2) Tingkat perkembangan potensial tampak dari kemampuan seseorang untuk menyelesaikan tugas-tugas dan
memecahkan masalah ketika dibawah bimbingan orang dewasa atau ketika
berkolaborasi dengan teman sebaya yang lebih kompeten (intermental).

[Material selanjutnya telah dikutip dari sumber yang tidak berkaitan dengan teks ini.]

Lemma card_lt_slice i r (S : {set Fm m}) w :
  (forall a, a \in S -> emb_row i a \in U) -> (diff_unif (g i) <= 2 ^ r)%N ->
  (2 ^ r < #|S|)%N -> w \in W1 -> row i w != 0 ->
  (#|S| < 2 ^ (\dim (slice i W) + r))%N.
Proof.
(* Count derivatives of g i: in direction row i w, to find a nonzero vector of
   the slice of W, hence a nonzero p in the slice of W1; then in direction p,
   where the derivative never vanishes and still takes values in the slice of W. *)
move=> US dug S_gt W1w wi0; set Wi := [set y | y \in slice i W].
have Wi0 : 0 \in Wi by rewrite inE rpred0.
have : (#|S| <= #|Wi| * 2 ^ r)%N.
  apply: leq_trans (card_le_diff_image (g i) (g i (row i w)) S wi0) _.
  rewrite leq_mul // subset_leq_card //; apply/subsetP => _ /imsetP [a Sa ->].
  by rewrite inE diff_mem_slice ?US.
rewrite (cardsD1 0 Wi) Wi0 => /(leq_trans S_gt).
rewrite -{1}[(2 ^ r)%N]mul1n ltn_pmul2r ?expn_gt0 // add1n ltnS.
rewrite card_gt0 => /set0Pn [q]; rewrite !inE => /andP [q0 Wq].
have : q \in Wi by rewrite inE.
rewrite /Wi -slice_image => /imsetP [p]; rewrite inE => W1p qp.
have p0 : p != 0 by apply: contraNneq q0 => p0; rewrite qp p0 (perm_block0 gam0).
have : (#|S| <= #|Wi :\ 0%R| * 2 ^ r)%N.
  apply: leq_trans (card_le_diff_image (g i) 0 S p0) _.
  rewrite leq_mul // subset_leq_card //; apply/subsetP => _ /imsetP [a Sa ->].
  rewrite !inE addr0; apply/andP; split.
    by apply: contra p0; rewrite addr_eq0_F2 => /eqP/perm_inj/(canRL (addKr a)) ->; rewrite addNr.
  rewrite mem_slice in W1p.
  have := memvD (diff_mem_slice (US a Sa) W1p) Wq.
  by rewrite row_emb_row eqxx -qp -addrA addrr_F2 addr0.
have := cardsD1 0 Wi; rewrite Wi0 /Wi cardsE card_vspace_F2 expnD add1n => ->.
move/leq_ltn_trans; apply.
by rewrite mulSn -{1}[(_ * 2 ^ r)%N]add0n ltn_add2r expn_gt0.
Qed.

Hypothesis W1U : (W1 <= U)%VS.
Hypothesis dimU : \dim U = (b * m).-1.

Lemma hyperplane_U x y : x \notin U -> y \notin U -> x + y \in U.
Proof. by apply: hyperplane_addr; rewrite dimvf dim_matrix. Qed.

Lemma LApart_hyperplane X : vbar \notin U -> LApart U X X vbar = Lpart X.
Proof.
move=> vbarU; apply/setP => Y; apply/idP/imsetP => [|[v _ ->]].
  by rewrite inE => /orP [] /imsetP [v _ ->]; [exists v | exists (vbar + v)].
rewrite inE; have [Uv|Uv] := boolP (v \in U); first by rewrite imset_f ?inE.
apply/orP; right; apply/imsetP; exists (vbar + v); first by rewrite inE hyperplane_U.
by rewrite addrA addrr_F2 add0r.
Qed.

Lemma card_block_cap_U i : i \in J_of U -> (2 ^ m <= 2 * #|[set a | emb_row i a \in U]|)%N.
Proof.
rewrite inE => /existsP [x /andP [/in_blockP xi Ux]]; rewrite xi in Ux.
set S := [set a | emb_row i a \in U]; have : (#|~: S| <= #|S|)%N.
  rewrite -(card_imset (~: S) (addIr (row i x))); apply: subset_leq_card.
  apply/subsetP => _ /imsetP [a Ua ->].
  by rewrite !inE in Ua *; rewrite emb_rowD hyperplane_U.
have := cardsC S; rewrite card_mx card_Fp // mul1n; lia.
Qed.

Variable r : nat.

Lemma slice_full_notin_J i w : i \notin J_of U ->
  diff_unif (g i) = (2 ^ r)%N -> (r < m)%N -> strongly_anti_inv (r - 1) (g i) ->
  w \in W1 -> row i w != 0 -> slice i W1 = fullv /\ slice i W = fullv.
Proof.
move=> iJ du rm sai W1w wi0.
have US a : a \in [set: Fm m] -> emb_row i a \in U.
  move=> _; move: iJ; rewrite inE negb_exists => /forallP /(_ (emb_row i a)).
  by rewrite in_block_emb_row negbK.
have cardT : #|[set: Fm m]| = (2 ^ m)%N by rewrite cardsT card_mx card_Fp // mul1n.
have S_gt : (2 ^ r < #|[set: Fm m]|)%N by rewrite cardT ltn_exp2l.
have := card_lt_slice US (eq_leq du) S_gt W1w wi0.
rewrite cardT ltn_exp2l // => dimW.
have [[dimW1 dimW1_lt]|//] := sai _ _ (slice_image i).
rewrite dimW1 in dimW1_lt; move: dimW dimW1_lt; move: (\dim (slice i W)) => d; lia.
Qed.

Lemma row_zero_in_J i w : i \in J_of U ->
  diff_unif (g i) = (2 ^ r)%N -> (r < m - 1)%N -> strongly_anti_inv r (g i) ->
  w \in W1 -> row i w = 0.
Proof.
move=> iJ du rm sai W1w; apply/eqP/contraT => wi0.
set S := [set a | emb_row i a \in U].
have cardS : (2 ^ m <= 2 * #|S|)%N by exact: card_block_cap_U.
have US a : a \in S -> emb_row i a \in U by rewrite inE.
have S_gt : (2 ^ r < #|S|)%N.
  have : (2 ^ r.+1 < 2 ^ m)%N by rewrite ltn_exp2l //; lia.
  by rewrite expnS; lia.
have := card_lt_slice US (eq_leq du) S_gt W1w wi0.
have [[dimW1 dimW1_lt]|[W1T _]] := sai _ _ (slice_image i).
  rewrite -dimW1 => S_lt.
  have : (2 ^ m < 2 ^ (\dim (slice i W1) + r).+1)%N.
    by rewrite expnS; apply: leq_ltn_trans cardS _; rewrite ltn_pmul2l.
  by rewrite ltn_exp2l //; move: dimW1_lt; move: (\dim (slice i W1)) => d; lia.
move: iJ; rewrite inE => /existsP [x /andP [/in_blockP xi]].
by rewrite xi (subvP W1U) // -mem_slice W1T memvf.
Qed.

Hypothesis g_notin_J : forall i, i \notin J_of U ->
  [/\ diff_unif (g i) = (2 ^ r)%N, (r < m)%N & strongly_anti_inv (r - 1) (g i)].
Hypothesis g_in_J : forall i, i \in J_of U ->
  [/\ diff_unif (g i) = (2 ^ r)%N, (r < m - 1)%N & strongly_anti_inv r (g i)].

Lemma W1_contains_block i w : w \in W1 -> row i w != 0 ->
  [/\ forall a, emb_row i a \in W1, forall a, emb_row i a \in W & i \notin J_of U].
Proof.
move=> W1w wi0; have iJ : i \notin J_of U.
  apply: contra wi0 => iJ; have [du rm sai] := g_in_J iJ.
  by rewrite (row_zero_in_J iJ du rm sai W1w).
have [du rm sai] := g_notin_J iJ.
have [W1T WT] := slice_full_notin_J iJ du rm sai W1w wi0.
by split=> // a; rewrite -mem_slice ?W1T ?WT memvf.
Qed.

Lemma W1_rows x : (x \in W1) = [forall k, (k \notin row_support W1) ==> (row k x == 0)].
Proof.
apply/idP/forallP => [W1x k|x0].
  by apply/implyP => /(row_support_row0 W1x) ->.
apply: memv_emb_rows => k; have [|k_out] := boolP (k \in row_support W1).
  by rewrite inE => /existsP [w /andP [W1w wk]]; have [-> _ _] := W1_contains_block W1w wk.
by rewrite (eqP (implyP (x0 k) k_out)) emb_row0 rpred0.
Qed.

Lemma W1_eq_W : W1 = W.
Proof.
apply: vspace_F2_eq_card; last exact: card_W_W1.
apply/subvP => x W1x; apply: memv_emb_rows => k.
have [|k_out] := boolP (k \in row_support W1).
  by rewrite inE => /existsP [w /andP [W1w wk]]; have [_ -> _] := W1_contains_block W1w wk.
by rewrite (row_support_row0 W1x k_out) emb_row0 rpred0.
Qed.

Lemma W2_eq_W1 : W2 = W1.
Proof.
apply: vspace_F2_eq_card; last by rewrite card_W2_W card_W_W1.
apply/subvP => w W2w; rewrite W1_rows; apply/forallP => k; apply/implyP => k_out.
have := par_map_addW2 W2w; rewrite -W1_eq_W W1_rows => /forallP/(_ k)/implyP/(_ k_out).
rewrite linearD /= !row_par_map linearD /= addr_eq0_F2 => /eqP/perm_inj.
by move/(canRL (addKr _)) ->; rewrite addNr.
Qed.

Lemma wall_W1 : W != 0%VS -> vbar \notin U -> wall W1.
Proof.
move=> W0 vbarU; exists (row_support W1); split; last exact: W1_rows.
  by rewrite row_support_neq0 // W1_eq_W.
have [k kU] : exists k, emb_row k (row k vbar) \notin U.
  by apply/existsP; apply: contraR vbarU => /existsPn kU; apply: memv_emb_rows => k; apply/negPn.
apply/eqP => suppT; have : k \in row_support W1 by rewrite suppT inE.
rewrite inE => /existsP [w /andP [W1w wk]]; have [_ _] := W1_contains_block W1w wk.
by rewrite inE negb_exists => /forallP /(_ (emb_row k (row k vbar))); rewrite in_block_emb_row kU.
Qed.

End OntoLinearPartition.

Theorem corollary3p11 (m b r : nat) (g : 'I_b -> {perm 'rV['F_2]_m})
    (U W1 W2 W : {vspace 'M['F_2]_(b, m)}) (vbar : 'M['F_2]_(b, m)) :
  (1 < m)%N -> (1 < b)%N ->
  par_map g 0 = 0 ->
  \dim U = (b * m).-1 ->
  (W1 <= U)%VS -> (W2 <= U)%VS -> vbar \notin U ->
  (forall i : 'I_b, i \notin J_of U ->
     [/\ diff_unif (g i) = (2 ^ r)%N, (r < m)%N & strongly_anti_inv (r - 1) (g i)]) ->
  (forall j : 'I_b, j \in J_of U ->
     [/\ diff_unif (g j) = (2 ^ r)%N, (r < m - 1)%N & strongly_anti_inv r (g j)]) ->
  ~ trivial_partition (Lpart W) ->
  maps_onto (par_map g) (LApart U W1 W2 vbar) (Lpart W) ->
  [/\ wall W1, wall W2, wall W, W1 = W2 /\ W2 = W & LApart U W1 W2 vbar = Lpart W1].
Proof.
move=> _ _ gam0 dimU W1U _ vbarU g_notin_J g_in_J ntriv gam_onto.
have W0 : W != 0%VS by apply/eqP => W0; apply: ntriv; left; rewrite W0 Lpart0.
have W1W := W1_eq_W gam0 gam_onto W1U dimU g_notin_J g_in_J.
have W2W1 := W2_eq_W1 gam0 gam_onto W1U dimU g_notin_J g_in_J.
have wallW1 := wall_W1 gam0 gam_onto W1U dimU g_notin_J g_in_J W0 vbarU.
by rewrite W2W1 -W1W; split; rewrite ?(LApart_hyperplane dimU).
Qed.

Jarak antara keduanya, yaitu tingkat
perkembangan aktual dan tingkat perkembangan potensial ini disebut zona
perkembangan proksimal. Zona perkembangan proksimal diartikan sebagai
fungsi-fungsi atau kemampuan-kemampuan yang belum matang yang masih berada
dalam proses pematangan.
c) Mediasi
Menurut Vygotsky, semua perbuatan atau proses
psikologis yang khas manusiawi dimediasikan dengan psychologis tools atau
alat-alat psikologis berupa bahasa, tanda dan lambang, atau semiotika. Ada dua
jenis mediasi, yaitu:
· Mediasi metakognitif adalah
penggunaan alat-alat semiotik yang bertujuan untuk melakukan self- regulation yang meliputi: self planning, self monitoring, self
checking, dan self evaluating. Mediasi
metakognitif ini berkembang dalam komunikasi antar pribadi.

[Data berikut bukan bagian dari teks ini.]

Lemma L2_lin (f g : T -> R) a b : L2 f -> L2 g -> L2 (fun x => a * f x + b * g x).
Proof.
move=> [mf intf] [mg intg]; split.
  by apply: measurable_funD; apply: measurable_funM => //; exact: measurable_cst.
apply: (integrableR_le (g := fun x => (2 * a ^+ 2) * f x ^+ 2 + (2 * b ^+ 2) * g x ^+ 2)).
- apply: measurable_funM; apply: measurable_funD; apply: measurable_funM => //;
    exact: measurable_cst.
- move=> x _ /=; set u := a * f x; set v := b * g x.
  have -> : 2 * a ^+ 2 * f x ^+ 2 + 2 * b ^+ 2 * g x ^+ 2 = 2 * u ^+ 2 + 2 * v ^+ 2.
    by rewrite /u /v !exprMn !mulrA.
  rewrite ger0_norm ?sqr_ge0 // ger0_norm; last by rewrite addr_ge0 // mulr_ge0 // sqr_ge0.
  have := sqr_ge0 (u - v); nra.
- exact: integrableR_lin.
Qed.

Lemma L2D (f g : T -> R) : L2 f -> L2 g -> L2 (fun x => f x + g x).
Proof.
by move=> Lf Lg; have := L2_lin 1 1 Lf Lg; under eq_fun do rewrite !mul1r.
Qed.

Lemma L2B (f g : T -> R) : L2 f -> L2 g -> L2 (f \- g).
Proof.
by move=> Lf Lg; have := L2_lin 1 (-1) Lf Lg; under eq_fun do rewrite mul1r mulN1r.
Qed.

Lemma integrableR_mul (f g : T -> R) : L2 f -> L2 g -> integrableR (fun x => f x * g x).
Proof.
move=> [mf intf] [mg intg].
apply: (integrableR_le (g := fun x => 1 * f x ^+ 2 + 1 * g x ^+ 2)).
- exact: measurable_funM.
- move=> x _; rewrite !mul1r [`|_ + _|]ger0_norm ?addr_ge0 ?sqr_ge0 //.
  rewrite normrM -[f x ^+ 2]real_normK ?num_real // -[g x ^+ 2]real_normK ?num_real //.
  have := sqr_ge0 (`|f x| - `|g x|); nra.
- exact: integrableR_lin.
Qed.

Lemma ipZr (f h : T -> R) t : L2 f -> L2 h -> ip f (fun x => t * h x) = t * ip f h.
Proof.
move=> Lf Lh; rewrite /Defs.ip; under eq_Rintegral do rewrite mulrCA.
by rewrite RintegralZl //; exact: integrableR_mul.
Qed.

Lemma nrmZ (h : T -> R) t : 0 <= t -> L2 h -> nrm (fun x => t * h x) = t * nrm h.
Proof.
move=> t0 Lh; rewrite /Defs.nrm /Defs.ip.
under eq_Rintegral do rewrite mulrACA -expr2.
rewrite RintegralZl; [|by []|exact: integrableR_mul].
by rewrite sqrtrM ?sqr_ge0 // sqrtr_sqr ger0_norm.
Qed.

Lemma nrm_ge0 (f : T -> R) : 0 <= nrm f.
Proof. exact: sqrtr_ge0. Qed.

Lemma ge0_Rintegral_le0_ae_eq0 (f : T -> R) : integrableR f ->
  (forall x, Om x -> 0 <= f x) -> Rintegral mu Om f <= 0 ->
  {ae mu, forall x, Om x -> f x = 0}.
Proof.
move=> intf f0 intf_le0.
have int_eq0 : (\int[mu]_(x in Om) (EFin \o f) x = 0)%E.
  apply/eqP; rewrite eq_le integral_ge0 ?andbT; last by move=> x Ox; rewrite lee_fin f0.
  by rewrite -(fineK (integrable_fin_num mOm intf)) lee_fin.
have : (\int[mu]_(x in Om) `|(EFin \o f) x| = 0)%E.
  rewrite -int_eq0; apply: eq_integral => x /set_mem Ox /=.
  by rewrite ger0_norm // f0.
move/(ae_eq_integral_abs mu mOm (measurable_int mu intf)).
by apply: filterS => x fx0 Ox; case: (fx0 Ox).
Qed.

Lemma ae_le0_Rintegral_le0 (f : T -> R) : integrableR f ->
  {ae mu, forall x, Om x -> f x <= 0} -> Rintegral mu Om f <= 0.
Proof.
move=> intf f_le0.
have mf : measurable_fun Om f by apply/measurable_EFinP; exact: measurable_int intf.
(* [Rintegral_ge0] needs a pointwise sign: replace f by the a.e. equal [min f 0]. *)
pose g x := Num.min (f x) 0.
have mg : measurable_fun Om g by apply: measurable_minr => //; exact: measurable_cst.
have intg : integrableR g.
  apply: integrableR_le mg _ intf => x _; rewrite /g minEle.
  by case: ifP; rewrite ?normr0 ?normr_ge0.
have -> : Rintegral mu Om f = Rintegral mu Om g.
  congr fine; apply: ae_eq_integral => //; try exact/measurable_EFinP.
  by apply: filterS f_le0 => x fx Ox /=; rewrite /g minEle fx.
rewrite -oppr_ge0 -mulN1r -RintegralZl //; apply: Rintegral_ge0 => x _.
by rewrite mulN1r oppr_ge0 /g ge_min lexx orbT.
Qed.

Lemma ipE_ip_Rintegral (es e : @E4 R d T) (us u : T -> R) :
  E4L2 mu Om es -> E4L2 mu Om e -> L2 us -> L2 u ->
  ipE mu Om es e + ip us u = Rintegral mu Om (fun x =>
    ey es x * ey e x + eJ es x * eJ e x + ea es x * ea e x + eb es x * eb e x
    + us x * u x).
Proof.
move=> [? ? ? ?] [? ? ? ?] ? ?.
by rewrite /ipE /Defs.ip !RintegralD //; do ?apply: integrableRD; exact: integrableR_mul.
Qed.

End L2_space.

Lemma le0_of_le_eps_mul {R : realFieldType} (p n : R) : 0 <= n ->
  (forall eps, 0 < eps -> p <= eps * n) -> p <= 0.
Proof.
move=> n0 le_p; apply/ler_addgt0Pr => e e0; rewrite add0r.
have n1_gt0 : 0 < n + 1 by rewrite ltr_wpDl.
apply: (le_trans (le_p _ (divr_gt0 e0 n1_gt0))).
by rewrite mulrAC ler_pdivrMr // ler_pM2l // lerDl.
Qed.

Section regular_normal_cone.
Context {R : realType} {d : measure_display} {T : measurableType d}.

Definition ray (f g : T -> R) (t : R) : T -> R := fun x => f x + t * g x.

Definition E4ray (e v : @E4 R d T) (t : R) : @E4 R d T :=
  mkE (ray (ey e) (ey v) t) (ray (eJ e) (eJ v) t) (ray (ea e) (ea v) t) (ray (eb e) (eb v) t).

Lemma ray_subl (f g : T -> R) t : ray f g t \- f = (fun x => t * g x).
Proof. by apply/funext => x /=; rewrite /ray addrAC subrr add0r. Qed.

Lemma E4sub_ray (e v : @E4 R d T) t : E4sub (E4ray e v t) e =
  mkE (fun x => t * ey v x) (fun x => t * eJ v x) (fun x => t * ea v x) (fun x => t * eb v x).
Proof. by rewrite /E4sub /= !ray_subl. Qed.

Variables (mu : {measure set T -> \bar R}) (Om : set T).
Hypothesis mOm : measurable Om.

Local Notation L2 := (L2 mu Om).
Local Notation ip := (ip mu Om).
Local Notation nrm := (nrm mu Om).

Lemma L2_ray (f g : T -> R) t : L2 f -> L2 g -> L2 (ray f g t).
Proof.
by move=> Lf Lg; have := L2_lin mOm 1 t Lf Lg; under eq_fun do rewrite mul1r.
Qed.

Lemma E4L2_ray (e v : @E4 R d T) t :
  E4L2 mu Om e -> E4L2 mu Om v -> E4L2 mu Om (E4ray e v t).
Proof. by move=> [? ? ? ?] [? ? ? ?]; split; apply: L2_ray. Qed.

Lemma regular_normal_ray_le0 (C : set (@E4 R d T * (T -> R))) e0 u0 q v w :
  regular_normal mu Om C e0 u0 q -> E4L2 mu Om v -> L2 w ->
  (forall t, 0 < t <= 1 -> C (E4ray e0 v t, ray u0 w t)) ->
  ipE mu Om q.1 v + ip q.2 w <= 0.
Proof.
case: q => qe qu [/= [Lqy LqJ Lqa Lqb] [Lqu qN]] [Lvy LvJ Lva Lvb] Lw Cray.
set p := _ + _; set n := nrmE mu Om v + nrm w.
apply: (le0_of_le_eps_mul (n := n)); first by rewrite !addr_ge0 ?nrm_ge0.
move=> eps eps0; have [del del0 near_del] := qN eps eps0.
have n1_gt0 : 0 < n + 1 by rewrite ltr_wpDl // !addr_ge0 ?nrm_ge0.
pose t := Num.min 1 (del / (n + 1)).
have t0 : 0 < t by rewrite lt_min ltr01 divr_gt0.
have t01 : 0 < t <= 1 by rewrite t0 ge_min lexx.
have tn_lt_del : t * n < del.
  apply: (lt_le_trans (y := t * (n + 1))); first by rewrite ltr_pM2l // ltrDl.
  by rewrite -ler_pdivlMr // ge_min lexx orbT.
have scale_n : nrmE mu Om (E4sub (E4ray e0 v t) e0) + nrm (ray u0 w t \- u0) = t * n.
  by rewrite E4sub_ray ray_subl /nrmE /= !nrmZ ?(ltW t0) // !mulrDr.
have scale_p : ipE mu Om qe (E4sub (E4ray e0 v t) e0) + ip qu (ray u0 w t \- u0) = t * p.
  by rewrite E4sub_ray ray_subl /ipE /= !ipZr // !mulrDr.
rewrite -(ler_pM2l t0) mulrCA -scale_p -scale_n.
by apply: (near_del _ _ (Cray t t01)); rewrite scale_n.
Qed.

Lemma regular_normal_of_le0 (C : set (@E4 R d T * (T -> R))) e0 u0 q :
  E4L2 mu Om q.1 -> L2 q.2 ->
  (forall e u, C (e, u) -> ipE mu Om q.1 (E4sub e e0) + ip q.2 (u \- u0) <= 0) ->
  regular_normal mu Om C e0 u0 q.
Proof.
move=> Lq1 Lq2 q_le0; split=> //; split=> // eps eps0; exists 1 => // e u Ceu _.
apply: le_trans (q_le0 _ _ Ceu) _.
by rewrite mulr_ge0 ?(ltW eps0) // /nrmE !addr_ge0 ?nrm_ge0.
Qed.

End regular_normal_cone.

Section graph_of_Uad.
Context {R : realType} {d : measure_display} {T : measurableType d}.
Variables (mu : {measure set T -> \bar R}) (Om : set T).
Hypothesis mOm : measurable Om.
Variables alpha beta : T -> R.

Local Notation L2 := (L2 mu Om).
Local Notation gph := (gphUad mu Om alpha beta).

Lemma gphUad_ray e u (v : @E4 R d T) w t : gph (e, u) -> E4L2 mu Om v -> L2 w ->
  gph (E4ray e v 1, ray u w 1) -> 0 <= t <= 1 -> gph (E4ray e v t, ray u w t).
Proof.
move=> [Le [Lu feas0]] Lv Lw [_ [_ feas1]] /andP[t0 t1].
split; first exact: E4L2_ray.
split; first exact: L2_ray.
apply: filterS2 feas0 feas1 => x feas0x feas1x Ox.
have [lo0 hi0] := feas0x Ox; have [lo1 hi1] := feas1x Ox.
rewrite /= /ray ?mul1r in lo0 hi0 lo1 hi1 *; split; nra.
Qed.

Lemma regular_normal_gphUad_le0 e0 u0 q v w :
  regular_normal mu Om gph e0 u0 q -> gph (e0, u0) -> E4L2 mu Om v -> L2 w ->
  gph (E4ray e0 v 1, ray u0 w 1) -> ipE mu Om q.1 v + ip mu Om q.2 w <= 0.
Proof.
move=> qN gph0 Lv Lw gph1; apply: (regular_normal_ray_le0 mOm qN Lv Lw) => t /andP[t0 t1].
by apply: gphUad_ray => //; rewrite ltW.
Qed.

End graph_of_Uad.

Section pointwise.
Context {R : realFieldType}.
Implicit Types a s : R.

Definition clip a s := Num.min a (Num.max s 0).

Lemma clip_le a s : 0 <= s -> clip a s <= s.
Proof. by move=> s0; rewrite ge_min max_l ?lexx ?orbT. Qed.

Lemma norm_clip_le a s : `|clip a s| <= `|a|.
Proof.
rewrite /clip minEle maxEle; case: ifP; case: ifP => // ? ?; rewrite ?normr0 ?normr_ge0 //.
by rewrite !ger0_norm //; lra.
Qed.

Lemma mul_clip_ge0 a s : 0 <= a * clip a s.
Proof. by rewrite /clip minEle maxEle; case: ifP; case: ifP => ? ?; nra. Qed.

Lemma mul_clip_eq0 a s : a * clip a s = 0 -> 0 <= a /\ (0 < s -> a = 0).
Proof. by rewrite /clip minEle maxEle; case: ifP; case: ifP => ? ? ?; split; nra. Qed.

Lemma slack_mul_le0 q r s : q = 0 \/ 0 <= q /\ s = 0 -> r <= 0 -> q * (r - s) <= 0.
Proof. by case=> [->|[q0 ->]] r0; rewrite ?mul0r // subr0 mulr_ge0_le0. Qed.

(* The integrand of the pairing of [((qy, qJ, qa, qb), qu)] with the test direction
   [((qy, qJ, clip qa sa + h, - clip (- qb) sb + h), h)]. *)
Definition test_integrand (qy qJ qa qb qu sa sb : R) :=
  let h := qa + qb + qu in
  qy * qy + qJ * qJ + qa * (clip qa sa + h) + qb * (- clip (- qb) sb + h) + qu * h.

Lemma test_integrandE qy qJ qa qb qu sa sb :
  test_integrand qy qJ qa qb qu sa sb = qy ^+ 2 + qJ ^+ 2 + (qa + qb + qu) ^+ 2
    + qa * clip qa sa + (- qb) * clip (- qb) sb.
Proof. by rewrite /test_integrand; lra. Qed.

Lemma test_integrand_ge0 qy qJ qa qb qu sa sb : 0 <= test_integrand qy qJ qa qb qu sa sb.
Proof. by rewrite test_integrandE !addr_ge0 ?sqr_ge0 ?mul_clip_ge0. Qed.

Lemma test_integrand_eq0 qy qJ qa qb qu sa sb :
  test_integrand qy qJ qa qb qu sa sb = 0 ->
  [/\ qy = 0, qJ = 0, qu = - qa - qb,
      0 <= qa /\ (0 < sa -> qa = 0) & qb <= 0 /\ (0 < sb -> qb = 0)].
Proof.
move/eqP; rewrite test_integrandE !paddr_eq0 ?addr_ge0 ?sqr_ge0 ?mul_clip_ge0 // !sqrf_eq0.
move=> /andP[/andP[/andP[/andP[/eqP -> /eqP ->] /eqP h0] /eqP/mul_clip_eq0 [qa0 qa_slack]]].
move=> /eqP/mul_clip_eq0 [qb0 qb_slack]; split=> //; first lra.
by split=> [|sb0]; [lra | apply/eqP; rewrite -oppr_eq0 (qb_slack sb0)].
Qed.

End pointwise.

Section normal_cone_of_gphUad.
Context {R : realType} {d : measure_display} {T : measurableType d}.
Variables (mu : {measure set T -> \bar R}) (Om : set T).
Hypothesis mOm : measurable Om.
Variables (alpha beta : T -> R) (ebar : @E4 R d T) (ubar : T -> R).
Hypotheses (malpha : measurable_fun Om alpha) (mbeta : measurable_fun Om beta).
Hypotheses (Lebar : E4L2 mu Om ebar) (ubar_feas : Uad mu Om alpha beta ebar ubar).

Local Notation L2 := (L2 mu Om).
Local Notation gph := (gphUad mu Om alpha beta).

Definition multiplier_condition (q : @E4 R d T * (T -> R)) (x : T) : Prop :=
  [/\ ey q.1 x = 0, eJ q.1 x = 0 & q.2 x = - ea q.1 x - eb q.1 x] /\
  [/\ (Om1 Om alpha ebar ubar x -> 0 <= ea q.1 x),
      (~ Om1 Om alpha ebar ubar x -> ea q.1 x = 0),
      (Om3 Om beta ebar ubar x -> eb q.1 x <= 0) &
      (~ Om3 Om beta ebar ubar x -> eb q.1 x = 0)].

· Mediasi kognitif adalah penggunaan
alat-alat kognitif untuk memecahkan masalah yang berkaitan dengan pengetahuan
tertentu atau subject-domain problem. Mediasi kognitif bisa berkaitan dengan
konsep spontan (yang bisa salah) dan konsep ilmiah (yang lebih terjamin
kebenarannya).
Pengaruh
Sosio-Kultural pada Perkembangan Kognisi
1) Pengaruh sosial pada perkembangan
kognisi: Pembelajaran pada anak terjadi melalui interaksi sosial dengan tutor
yang lebih berpengalaman, Tutor ini menjadi model dalam berperilaku atau
menyediakan instruksi verbal untuk anak. Model inilah yang disebut dengan
dialog kooperatif atau kolaboratif. Anak mencari pemahaman perilaku atau
instruksi dari tutor, menginternalisasi informasi dan menggunakannya untuk
memformulasikan perilaku mereka.
2) Pengaruh Budaya pada perkembangan
kognisi: Vygotsky menekankan bagaimana seseorang berkembang dalam lingkungan
yang berubah. Dengan berfokus pada individu ataupun pada lingkungan tidak cukup
untuk menjelaskan mengenai perkembangan seseorang.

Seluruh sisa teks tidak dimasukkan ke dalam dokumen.